• [Your assignment]:
Find the lines of data that contain the string "under", then list them.
↓↓↓
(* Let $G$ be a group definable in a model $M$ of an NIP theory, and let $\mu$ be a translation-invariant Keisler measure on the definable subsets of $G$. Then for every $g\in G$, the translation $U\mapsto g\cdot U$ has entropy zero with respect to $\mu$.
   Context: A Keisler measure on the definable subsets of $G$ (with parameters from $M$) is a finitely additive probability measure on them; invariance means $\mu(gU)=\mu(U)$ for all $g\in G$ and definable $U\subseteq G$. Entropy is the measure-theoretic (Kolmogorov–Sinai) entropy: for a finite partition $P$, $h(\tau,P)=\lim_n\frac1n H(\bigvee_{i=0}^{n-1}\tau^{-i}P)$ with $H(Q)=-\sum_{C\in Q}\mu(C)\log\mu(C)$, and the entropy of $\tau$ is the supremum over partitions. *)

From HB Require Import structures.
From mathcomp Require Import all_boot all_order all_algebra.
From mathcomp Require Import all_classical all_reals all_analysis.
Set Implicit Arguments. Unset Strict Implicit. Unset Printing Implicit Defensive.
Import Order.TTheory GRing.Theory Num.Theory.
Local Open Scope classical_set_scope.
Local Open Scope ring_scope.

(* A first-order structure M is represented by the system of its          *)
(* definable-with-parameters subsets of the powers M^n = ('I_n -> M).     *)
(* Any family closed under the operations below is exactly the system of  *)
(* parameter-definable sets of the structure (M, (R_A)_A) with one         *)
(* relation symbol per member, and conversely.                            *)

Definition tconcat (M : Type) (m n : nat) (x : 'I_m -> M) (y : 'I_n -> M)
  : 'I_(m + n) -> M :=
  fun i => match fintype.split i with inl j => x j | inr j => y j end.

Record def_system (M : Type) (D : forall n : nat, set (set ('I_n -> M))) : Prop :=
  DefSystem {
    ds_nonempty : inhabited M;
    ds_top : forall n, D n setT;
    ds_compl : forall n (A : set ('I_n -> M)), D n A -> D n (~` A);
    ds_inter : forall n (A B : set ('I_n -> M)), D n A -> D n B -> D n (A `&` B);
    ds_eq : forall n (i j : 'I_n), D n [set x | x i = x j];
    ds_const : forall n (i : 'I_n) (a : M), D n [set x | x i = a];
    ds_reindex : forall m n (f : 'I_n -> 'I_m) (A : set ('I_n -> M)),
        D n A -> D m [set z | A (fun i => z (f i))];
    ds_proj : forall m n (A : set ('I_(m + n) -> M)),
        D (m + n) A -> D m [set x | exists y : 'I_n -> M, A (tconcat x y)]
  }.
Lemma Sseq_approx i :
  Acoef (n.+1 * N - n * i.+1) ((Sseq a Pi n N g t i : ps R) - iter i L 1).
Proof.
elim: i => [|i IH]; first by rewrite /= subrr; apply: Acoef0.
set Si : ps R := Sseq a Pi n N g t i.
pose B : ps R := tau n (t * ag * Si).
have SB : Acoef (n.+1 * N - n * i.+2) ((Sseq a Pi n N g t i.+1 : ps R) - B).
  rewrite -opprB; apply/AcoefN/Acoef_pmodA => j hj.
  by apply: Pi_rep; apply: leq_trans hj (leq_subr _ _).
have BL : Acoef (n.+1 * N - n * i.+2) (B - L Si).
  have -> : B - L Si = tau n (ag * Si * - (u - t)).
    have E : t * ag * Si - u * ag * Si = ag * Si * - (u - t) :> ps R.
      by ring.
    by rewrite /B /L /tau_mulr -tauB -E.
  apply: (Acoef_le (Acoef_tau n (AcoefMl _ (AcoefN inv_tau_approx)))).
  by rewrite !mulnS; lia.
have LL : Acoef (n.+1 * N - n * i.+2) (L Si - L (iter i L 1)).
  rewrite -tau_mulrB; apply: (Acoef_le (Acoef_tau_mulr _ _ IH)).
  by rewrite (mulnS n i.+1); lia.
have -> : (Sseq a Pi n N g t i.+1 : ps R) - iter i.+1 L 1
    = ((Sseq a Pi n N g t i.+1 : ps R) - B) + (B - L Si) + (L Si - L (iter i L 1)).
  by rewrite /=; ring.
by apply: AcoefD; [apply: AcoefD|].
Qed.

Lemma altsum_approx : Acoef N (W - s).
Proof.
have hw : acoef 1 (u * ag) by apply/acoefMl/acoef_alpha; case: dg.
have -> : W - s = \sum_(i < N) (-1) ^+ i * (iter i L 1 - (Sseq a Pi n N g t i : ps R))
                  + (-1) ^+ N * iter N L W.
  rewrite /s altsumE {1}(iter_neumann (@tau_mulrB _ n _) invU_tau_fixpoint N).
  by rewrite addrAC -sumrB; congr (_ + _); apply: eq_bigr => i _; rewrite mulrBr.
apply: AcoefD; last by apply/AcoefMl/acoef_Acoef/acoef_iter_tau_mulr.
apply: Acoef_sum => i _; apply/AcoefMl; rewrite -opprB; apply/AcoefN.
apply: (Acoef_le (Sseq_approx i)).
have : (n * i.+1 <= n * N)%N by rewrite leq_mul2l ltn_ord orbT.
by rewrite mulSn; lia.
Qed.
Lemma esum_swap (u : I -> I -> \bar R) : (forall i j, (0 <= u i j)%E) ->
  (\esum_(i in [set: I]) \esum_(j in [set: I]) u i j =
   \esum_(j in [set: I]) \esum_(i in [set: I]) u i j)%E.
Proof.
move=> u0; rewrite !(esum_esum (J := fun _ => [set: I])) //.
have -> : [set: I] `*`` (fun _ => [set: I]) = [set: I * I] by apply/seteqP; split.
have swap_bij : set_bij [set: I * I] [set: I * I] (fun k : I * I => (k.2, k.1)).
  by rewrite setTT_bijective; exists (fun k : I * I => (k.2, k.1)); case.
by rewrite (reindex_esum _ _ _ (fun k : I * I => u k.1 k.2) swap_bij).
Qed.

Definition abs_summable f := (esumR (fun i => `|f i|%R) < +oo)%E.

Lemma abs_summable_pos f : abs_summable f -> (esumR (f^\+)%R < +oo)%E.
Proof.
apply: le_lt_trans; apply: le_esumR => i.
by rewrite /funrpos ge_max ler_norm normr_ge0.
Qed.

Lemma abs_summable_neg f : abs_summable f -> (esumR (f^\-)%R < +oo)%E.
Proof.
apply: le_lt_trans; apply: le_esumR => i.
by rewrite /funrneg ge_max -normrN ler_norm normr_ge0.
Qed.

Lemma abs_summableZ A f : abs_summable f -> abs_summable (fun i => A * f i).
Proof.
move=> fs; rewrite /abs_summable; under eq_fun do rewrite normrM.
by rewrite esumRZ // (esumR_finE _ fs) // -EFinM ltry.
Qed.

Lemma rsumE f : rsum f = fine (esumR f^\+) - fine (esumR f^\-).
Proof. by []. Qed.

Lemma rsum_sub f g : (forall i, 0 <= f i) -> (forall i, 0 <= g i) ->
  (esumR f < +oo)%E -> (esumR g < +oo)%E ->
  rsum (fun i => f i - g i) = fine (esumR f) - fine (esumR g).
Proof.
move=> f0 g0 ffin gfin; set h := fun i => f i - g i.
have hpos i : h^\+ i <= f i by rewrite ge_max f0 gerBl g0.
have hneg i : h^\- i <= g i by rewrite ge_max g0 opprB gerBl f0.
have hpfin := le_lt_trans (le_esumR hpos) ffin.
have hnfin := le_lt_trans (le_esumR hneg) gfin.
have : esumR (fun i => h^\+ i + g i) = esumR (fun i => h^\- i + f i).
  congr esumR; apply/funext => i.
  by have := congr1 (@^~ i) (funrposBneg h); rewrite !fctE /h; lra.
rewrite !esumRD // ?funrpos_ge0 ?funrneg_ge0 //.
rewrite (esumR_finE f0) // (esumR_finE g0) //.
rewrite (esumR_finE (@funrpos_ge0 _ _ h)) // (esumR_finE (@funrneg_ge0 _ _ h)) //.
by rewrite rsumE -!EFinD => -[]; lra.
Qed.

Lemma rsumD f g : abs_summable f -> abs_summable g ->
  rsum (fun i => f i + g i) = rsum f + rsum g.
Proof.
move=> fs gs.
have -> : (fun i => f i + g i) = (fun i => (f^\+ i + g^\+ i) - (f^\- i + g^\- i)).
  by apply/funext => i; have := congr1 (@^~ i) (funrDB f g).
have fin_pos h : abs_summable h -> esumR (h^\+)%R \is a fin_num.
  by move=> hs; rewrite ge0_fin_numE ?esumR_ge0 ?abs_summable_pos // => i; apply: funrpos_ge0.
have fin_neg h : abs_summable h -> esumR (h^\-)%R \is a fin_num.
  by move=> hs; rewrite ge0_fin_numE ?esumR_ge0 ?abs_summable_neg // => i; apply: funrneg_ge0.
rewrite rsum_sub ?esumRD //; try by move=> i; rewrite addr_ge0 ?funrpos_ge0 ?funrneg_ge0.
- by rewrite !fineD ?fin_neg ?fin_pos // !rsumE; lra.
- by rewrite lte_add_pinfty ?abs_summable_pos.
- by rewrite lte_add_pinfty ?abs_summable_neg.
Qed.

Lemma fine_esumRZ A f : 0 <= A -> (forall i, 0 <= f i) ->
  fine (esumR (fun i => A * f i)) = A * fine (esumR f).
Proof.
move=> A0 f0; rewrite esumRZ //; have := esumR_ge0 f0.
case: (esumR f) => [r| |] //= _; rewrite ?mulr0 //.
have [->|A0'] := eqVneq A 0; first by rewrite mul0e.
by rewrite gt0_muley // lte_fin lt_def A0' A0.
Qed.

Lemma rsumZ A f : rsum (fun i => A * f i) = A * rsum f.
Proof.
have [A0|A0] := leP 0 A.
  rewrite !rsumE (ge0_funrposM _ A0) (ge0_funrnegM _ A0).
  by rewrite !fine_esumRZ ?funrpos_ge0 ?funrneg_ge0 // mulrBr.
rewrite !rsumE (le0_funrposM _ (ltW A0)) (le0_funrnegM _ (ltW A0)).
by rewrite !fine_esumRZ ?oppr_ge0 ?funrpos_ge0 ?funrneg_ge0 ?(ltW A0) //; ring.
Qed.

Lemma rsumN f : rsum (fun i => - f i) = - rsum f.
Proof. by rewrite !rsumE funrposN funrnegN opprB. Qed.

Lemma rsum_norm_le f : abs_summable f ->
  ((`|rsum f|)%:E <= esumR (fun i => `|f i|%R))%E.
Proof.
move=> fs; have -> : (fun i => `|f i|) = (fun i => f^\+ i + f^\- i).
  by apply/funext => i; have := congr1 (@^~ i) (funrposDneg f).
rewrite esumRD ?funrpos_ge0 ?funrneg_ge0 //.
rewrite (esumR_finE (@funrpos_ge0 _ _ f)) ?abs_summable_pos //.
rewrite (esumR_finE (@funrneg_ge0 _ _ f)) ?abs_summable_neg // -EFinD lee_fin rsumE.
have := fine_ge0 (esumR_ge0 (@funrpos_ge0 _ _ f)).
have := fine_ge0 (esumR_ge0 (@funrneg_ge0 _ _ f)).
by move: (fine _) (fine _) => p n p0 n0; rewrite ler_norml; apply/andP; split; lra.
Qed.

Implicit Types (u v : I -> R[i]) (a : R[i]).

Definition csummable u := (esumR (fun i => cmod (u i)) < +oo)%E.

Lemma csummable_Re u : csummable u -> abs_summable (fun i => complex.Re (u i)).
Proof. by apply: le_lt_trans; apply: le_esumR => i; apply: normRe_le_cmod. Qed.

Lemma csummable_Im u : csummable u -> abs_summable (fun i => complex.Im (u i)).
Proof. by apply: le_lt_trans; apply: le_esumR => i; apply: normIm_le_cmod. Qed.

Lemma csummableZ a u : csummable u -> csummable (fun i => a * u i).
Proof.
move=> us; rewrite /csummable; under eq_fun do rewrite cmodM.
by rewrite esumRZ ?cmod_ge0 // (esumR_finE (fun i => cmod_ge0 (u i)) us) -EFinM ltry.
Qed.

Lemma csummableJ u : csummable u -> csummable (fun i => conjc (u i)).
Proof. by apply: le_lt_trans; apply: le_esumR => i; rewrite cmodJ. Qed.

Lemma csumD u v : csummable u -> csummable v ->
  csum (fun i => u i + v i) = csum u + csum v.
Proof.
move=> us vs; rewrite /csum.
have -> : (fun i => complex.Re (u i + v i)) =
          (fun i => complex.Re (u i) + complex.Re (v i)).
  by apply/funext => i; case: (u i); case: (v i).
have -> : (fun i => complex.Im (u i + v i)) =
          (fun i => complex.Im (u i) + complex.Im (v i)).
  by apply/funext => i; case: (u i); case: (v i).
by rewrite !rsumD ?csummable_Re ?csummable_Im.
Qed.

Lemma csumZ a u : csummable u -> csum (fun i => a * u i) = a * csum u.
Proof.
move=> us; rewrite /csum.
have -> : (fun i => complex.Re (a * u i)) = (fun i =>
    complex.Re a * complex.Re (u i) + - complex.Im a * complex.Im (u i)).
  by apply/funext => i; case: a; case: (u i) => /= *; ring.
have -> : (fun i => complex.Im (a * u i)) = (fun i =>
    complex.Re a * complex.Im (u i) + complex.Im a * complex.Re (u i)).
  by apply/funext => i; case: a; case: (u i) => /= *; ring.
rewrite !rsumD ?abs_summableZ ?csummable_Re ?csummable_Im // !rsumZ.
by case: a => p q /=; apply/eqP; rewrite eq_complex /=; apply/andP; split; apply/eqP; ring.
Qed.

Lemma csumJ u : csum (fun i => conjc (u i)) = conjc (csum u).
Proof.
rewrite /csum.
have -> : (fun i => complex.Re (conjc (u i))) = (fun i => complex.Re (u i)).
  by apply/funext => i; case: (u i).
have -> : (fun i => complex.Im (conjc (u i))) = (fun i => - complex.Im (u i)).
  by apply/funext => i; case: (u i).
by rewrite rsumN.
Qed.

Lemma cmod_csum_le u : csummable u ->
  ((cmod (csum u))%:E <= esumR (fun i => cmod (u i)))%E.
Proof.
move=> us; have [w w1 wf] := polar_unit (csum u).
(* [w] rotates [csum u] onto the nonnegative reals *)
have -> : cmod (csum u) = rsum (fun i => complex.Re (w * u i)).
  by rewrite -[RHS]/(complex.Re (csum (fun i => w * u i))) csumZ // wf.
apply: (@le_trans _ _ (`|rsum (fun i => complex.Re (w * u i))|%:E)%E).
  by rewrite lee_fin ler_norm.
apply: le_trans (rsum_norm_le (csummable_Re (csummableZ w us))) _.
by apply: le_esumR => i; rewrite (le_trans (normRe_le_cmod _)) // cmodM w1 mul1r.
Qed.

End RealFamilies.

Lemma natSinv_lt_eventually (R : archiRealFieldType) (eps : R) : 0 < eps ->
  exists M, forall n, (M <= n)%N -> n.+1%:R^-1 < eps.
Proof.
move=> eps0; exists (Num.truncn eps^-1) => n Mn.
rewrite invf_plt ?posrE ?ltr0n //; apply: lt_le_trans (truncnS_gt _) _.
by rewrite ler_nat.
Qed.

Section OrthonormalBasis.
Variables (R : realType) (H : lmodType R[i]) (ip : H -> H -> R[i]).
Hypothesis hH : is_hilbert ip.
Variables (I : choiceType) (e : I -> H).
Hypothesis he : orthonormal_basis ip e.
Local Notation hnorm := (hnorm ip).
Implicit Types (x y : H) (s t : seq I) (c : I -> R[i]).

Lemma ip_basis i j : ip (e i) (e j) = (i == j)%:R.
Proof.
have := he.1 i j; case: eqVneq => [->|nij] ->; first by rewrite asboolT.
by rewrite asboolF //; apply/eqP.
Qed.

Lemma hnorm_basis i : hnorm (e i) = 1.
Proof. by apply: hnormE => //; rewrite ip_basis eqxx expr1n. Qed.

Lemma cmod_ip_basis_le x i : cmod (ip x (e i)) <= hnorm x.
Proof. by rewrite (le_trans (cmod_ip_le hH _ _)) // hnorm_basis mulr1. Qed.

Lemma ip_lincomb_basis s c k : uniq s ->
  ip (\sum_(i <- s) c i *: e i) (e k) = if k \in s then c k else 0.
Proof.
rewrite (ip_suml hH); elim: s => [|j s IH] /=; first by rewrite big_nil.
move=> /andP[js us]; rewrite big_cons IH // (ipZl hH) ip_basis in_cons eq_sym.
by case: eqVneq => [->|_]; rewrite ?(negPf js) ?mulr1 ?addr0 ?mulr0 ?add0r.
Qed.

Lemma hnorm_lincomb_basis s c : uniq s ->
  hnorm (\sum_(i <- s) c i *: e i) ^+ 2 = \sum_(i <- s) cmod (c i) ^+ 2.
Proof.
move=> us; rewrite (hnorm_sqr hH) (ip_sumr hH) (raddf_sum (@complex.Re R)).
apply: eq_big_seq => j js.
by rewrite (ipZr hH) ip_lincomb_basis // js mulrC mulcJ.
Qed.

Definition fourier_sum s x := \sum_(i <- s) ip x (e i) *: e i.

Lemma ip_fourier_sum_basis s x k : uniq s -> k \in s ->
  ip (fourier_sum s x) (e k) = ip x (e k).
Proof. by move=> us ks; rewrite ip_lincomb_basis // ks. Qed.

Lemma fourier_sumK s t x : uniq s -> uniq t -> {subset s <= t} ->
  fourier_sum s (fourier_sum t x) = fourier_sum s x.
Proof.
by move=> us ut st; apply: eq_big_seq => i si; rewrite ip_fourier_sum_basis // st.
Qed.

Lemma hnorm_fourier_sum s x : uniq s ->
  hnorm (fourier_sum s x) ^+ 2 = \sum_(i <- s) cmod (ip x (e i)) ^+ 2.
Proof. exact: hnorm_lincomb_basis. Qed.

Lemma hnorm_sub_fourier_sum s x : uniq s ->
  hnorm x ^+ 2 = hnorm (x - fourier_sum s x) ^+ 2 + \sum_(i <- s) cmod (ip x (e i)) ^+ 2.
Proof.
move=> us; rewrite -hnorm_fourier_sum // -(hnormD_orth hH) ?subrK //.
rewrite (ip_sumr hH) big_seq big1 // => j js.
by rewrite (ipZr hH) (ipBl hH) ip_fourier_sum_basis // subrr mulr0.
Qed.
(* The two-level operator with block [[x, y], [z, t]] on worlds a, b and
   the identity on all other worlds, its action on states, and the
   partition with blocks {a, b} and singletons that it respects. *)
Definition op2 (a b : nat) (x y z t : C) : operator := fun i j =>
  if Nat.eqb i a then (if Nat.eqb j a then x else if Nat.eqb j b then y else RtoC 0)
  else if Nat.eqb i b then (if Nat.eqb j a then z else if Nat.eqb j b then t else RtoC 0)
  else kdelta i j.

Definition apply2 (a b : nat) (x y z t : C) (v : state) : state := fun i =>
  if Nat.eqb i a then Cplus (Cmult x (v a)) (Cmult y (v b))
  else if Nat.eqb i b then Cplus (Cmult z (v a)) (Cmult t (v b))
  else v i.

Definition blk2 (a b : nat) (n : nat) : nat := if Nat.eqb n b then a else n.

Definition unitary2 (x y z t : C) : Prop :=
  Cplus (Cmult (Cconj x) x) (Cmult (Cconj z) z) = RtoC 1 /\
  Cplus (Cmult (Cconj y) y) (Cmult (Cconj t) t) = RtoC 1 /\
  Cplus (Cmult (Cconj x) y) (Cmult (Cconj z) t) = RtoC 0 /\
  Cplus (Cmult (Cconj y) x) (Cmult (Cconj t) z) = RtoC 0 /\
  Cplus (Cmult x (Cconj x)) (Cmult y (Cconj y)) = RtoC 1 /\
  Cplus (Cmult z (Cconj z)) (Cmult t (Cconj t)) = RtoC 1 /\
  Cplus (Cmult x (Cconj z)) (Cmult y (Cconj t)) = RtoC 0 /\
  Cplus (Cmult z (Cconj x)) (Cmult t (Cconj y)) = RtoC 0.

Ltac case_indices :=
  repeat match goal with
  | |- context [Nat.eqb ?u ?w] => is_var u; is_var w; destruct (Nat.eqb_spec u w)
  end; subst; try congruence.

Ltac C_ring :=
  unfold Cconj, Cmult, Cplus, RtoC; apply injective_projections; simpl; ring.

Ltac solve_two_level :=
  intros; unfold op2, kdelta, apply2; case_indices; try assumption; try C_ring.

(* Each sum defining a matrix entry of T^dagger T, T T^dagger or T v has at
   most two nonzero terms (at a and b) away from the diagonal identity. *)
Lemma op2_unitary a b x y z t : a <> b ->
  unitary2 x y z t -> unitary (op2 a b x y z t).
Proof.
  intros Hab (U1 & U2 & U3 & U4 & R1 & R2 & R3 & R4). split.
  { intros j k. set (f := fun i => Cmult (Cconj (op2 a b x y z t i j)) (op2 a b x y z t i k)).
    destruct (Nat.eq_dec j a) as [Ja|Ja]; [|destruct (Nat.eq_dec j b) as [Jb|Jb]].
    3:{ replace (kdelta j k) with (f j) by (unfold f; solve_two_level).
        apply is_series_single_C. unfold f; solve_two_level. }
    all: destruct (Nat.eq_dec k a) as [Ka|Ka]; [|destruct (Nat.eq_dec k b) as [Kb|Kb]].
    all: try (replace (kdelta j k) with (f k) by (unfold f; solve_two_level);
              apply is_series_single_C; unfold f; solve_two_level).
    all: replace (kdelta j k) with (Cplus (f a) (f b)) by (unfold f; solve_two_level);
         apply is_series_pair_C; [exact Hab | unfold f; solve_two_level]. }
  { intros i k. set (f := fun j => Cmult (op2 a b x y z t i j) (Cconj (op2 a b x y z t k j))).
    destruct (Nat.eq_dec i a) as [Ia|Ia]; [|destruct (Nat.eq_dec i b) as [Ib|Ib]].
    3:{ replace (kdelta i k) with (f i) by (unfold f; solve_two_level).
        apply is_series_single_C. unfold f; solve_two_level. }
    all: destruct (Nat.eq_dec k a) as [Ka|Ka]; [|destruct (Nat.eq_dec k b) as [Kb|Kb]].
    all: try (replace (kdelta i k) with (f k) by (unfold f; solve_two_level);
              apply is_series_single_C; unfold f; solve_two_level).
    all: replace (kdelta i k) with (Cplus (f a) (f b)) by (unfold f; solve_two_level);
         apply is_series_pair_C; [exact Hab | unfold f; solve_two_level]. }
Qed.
↑↑↑
• [Result of this task]:
(* Any family closed under the operations below is exactly the system of  *)
move=> fs; rewrite /abs_summable; under eq_fun do rewrite normrM.
move=> us; rewrite /csummable; under eq_fun do rewrite cmodM.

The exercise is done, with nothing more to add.